‘Payment by results’ success for farmers
A PIONEERING land management scheme in Yorkshire where farmers are paid by results rather than being forced to follow a set of prescriptive rules could be used more widely after achieving ‘amazing success’.
The results of the new EU funded approach, operating in Wensleydale and Norfolk since 2015, were revealed at a conference in the Yorkshire Dales.
The ‘payment by results’ scheme was due to finish at the end of this year but will now become the first ever agri-environmental scheme to be directly funded by the UK Government.

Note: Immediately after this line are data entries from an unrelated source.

(* The filter generated by Z and E is either proper, and then equal to Z by maximality, or it
   contains the empty set, which means that Z contains the complement of E. *)
Lemma BA_ultrafilter_compl (Z : (I -> Prop) -> Prop) (E : I -> Prop) :
  BA_ultrafilter F Z -> F (fun i j => E i <-> E j) -> ~ Z E -> Z (fun i => ~ E i).
Proof.
move=> [[Zin [X0 ZX0] Zup Zand] _ Zmax] FE NZE.
pose ZE Y := inBA F Y /\ exists X, Z X /\ forall i, X i -> E i -> Y i.
case: (classic (proper_filter ZE)) => [properZE|]; last first.
  case/not_all_ex_not => Y /(@imply_to_and (ZE Y)) [[_ [X [ZX XEY]]] NY].
  apply: Zup ZX (inBA_of_iff (iff_compl FE)) _ => i Xi Ei.
  by apply: NY; exists i; exact: XEY.
have FZE : BA_filter F ZE.
  split => [Y [] //||Y Y' [_ [X [ZX XEY]]] BY' YY'|Y Y' [BY [X [ZX XEY]]] [BY' [X' [ZX' XEY']]]].
  - by exists X0; split; [exact: Zin | exists X0].
  - by split => //; exists X; split => // i Xi Ei; apply/YY'/XEY.
  split; first exact: inBA_and.
  by exists (fun i => X i /\ X' i); split; [exact: Zand | move=> i [Xi X'i] Ei; split; auto].
case: NZE; apply: (Zmax ZE FZE properZE); first by move=> X ZX; split; [exact: Zin | exists X].
by split; [exact: inBA_of_iff | exists X0].
Qed.

End PartitionFilter.

Section LimitReducedPower.

Variables (A : Type) (L : alg A) (I : Type).
Variables (F : (I -> I -> Prop) -> Prop) (Z : (I -> Prop) -> Prop) (h : OmegaF A F -> L).
Hypothesis lrp : limit_reduced_power_pres Z h.

Let PF : partition_filter F. Proof. by case: lrp. Qed.
Let FZ : BA_filter F Z. Proof. by case: lrp. Qed.
Let h_surj : surjective h. Proof. by case: lrp. Qed.
Let h_ker f g : h f = h g <-> Z (fun i => sval f i = sval g i). Proof. by case: lrp. Qed.

Definition const_seq (a : A) : OmegaF A F := exist _ (fun _ => a) (kerP_const PF a).

Lemma lrp_switch (f g u v W : OmegaF A F) :
  (forall i, sval W i = switch (sval f i) (sval g i) (sval u i) (sval v i)) ->
  h W = switchM (h f) (h g) (h u) (h v).
Proof. by case: lrp => _ _ _ _ h_interp W_sw; rewrite /switchM -args4_map; apply: h_interp. Qed.

Lemma lrp_proper_filter : nontrivial L -> proper_filter Z.
Proof.
move=> [x [y xy]] X ZX; apply: NNPP => X0; apply: xy.
have [f <-] := h_surj x; have [g <-] := h_surj y; apply/h_ker.
case: FZ => _ _ Zup _; apply: Zup ZX _ _; last by move=> i Xi; case: X0; exists i.
exact: (inBA_of_iff (kerP_eq_iff PF (svalP f) (svalP g))).
Qed.

(* The indicator g of X (a0 on X, a1 off X) is identified in L either with the constant a0,
   so that X lies in Z, or, by the discriminator, with the constant a1, so that the complement of
   X lies in Z and hence in Z'. *)
Lemma lrp_ultrafilter_of_discriminates (a0 a1 : A) :
  a0 <> a1 -> nontrivial L -> switch_discriminates L -> BA_ultrafilter F Z.
Proof.
move=> a01 nt disc; split; [exact: FZ | exact: lrp_proper_filter |].
move=> Z' [Z'in _ _ Z'and] properZ' ZZ' X Z'X; have [_ _ Zup _] := FZ.
have FX : F (fun i j => X i <-> X j).
  case: (Z'in _ Z'X) => [X0|]; last exact: block_of_iff.
  by have [i Xi] := properZ' _ Z'X; case: (X0 i).
pose ind i := if excluded_middle_informative (X i) then a0 else a1.
have ind_in : F (kerP ind).
  apply: (partition_filter_coarsen PF FX (kerP_equiv _)) => i j Xij; rewrite /kerP /ind.
  by case: excluded_middle_informative => Xi; case: excluded_middle_informative => Xj //=; tauto.
pose g : OmegaF A F := exist _ ind ind_in.
case: (classic (h (const_seq a0) = h g)) => [/h_ker Zg|g_a0].
  apply: Zup Zg (Z'in _ Z'X) _ => i /=; rewrite /ind.
  by case: excluded_middle_informative.
have /h_ker/ZZ' Z'g : h g = h (const_seq a1).
  rewrite -(disc _ _ (h (const_seq a0)) (h (const_seq a1)) g_a0).
  apply: lrp_switch => i /=; rewrite /ind.
  by case: excluded_middle_informative => _ /=; case_switch.
have [i [Xi]] := properZ' _ (Z'and _ _ Z'X Z'g).
by rewrite /= /ind; case: excluded_middle_informative.
Qed.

According to the Yorkshire Dales National Park Authority, one of the senior civil servants tasked with designing a new post Brexit Environmental Land
Management system said his department was “really interested” to explore the potential for expanding on the model.
Under more conventional schemes, the work the land manager should carry out is prescribed to them, with a fixed payment at the end of the year. Critics say this leads to an increasing burden of evidence required to prove that that the management has been undertaken.
Under ‘payment by results’ there are comparatively few rules, meaning decision-making is left to the farmers and less record-keeping is required.
The Wensleydale part of the pilot – where farmers are paid to produce species rich hay meadows, or good habitat for wading birds – has been run by the Dales park authority farm team.
At the conference, farm conservation adviser Helen Keep said data from the first two years of the scheme showed there had been an “amazing increase in species frequency” in local meadows.
Twelve of the 19 farmers in the scheme had produced hay meadows that had gone up at least one payment band – meaning that the fields had become more species rich – with only one farmer going down a band.
Ms Keep said: “We feel that this project has been a success. We’ve got engaged farmers, enthusiastic farmers, gaining confidence. And most importantly, there’s an element of trust here and I think that has been lost in the conventional approaches to agri-environment schemes.”
Earlier this year, Environment Secretary Michael Gove announced plans to end direct payments based on the amount of land farmed after the UK leaves the European Union. Instead, farmers will receive money for “public goods”, such as investment in sustainable food production.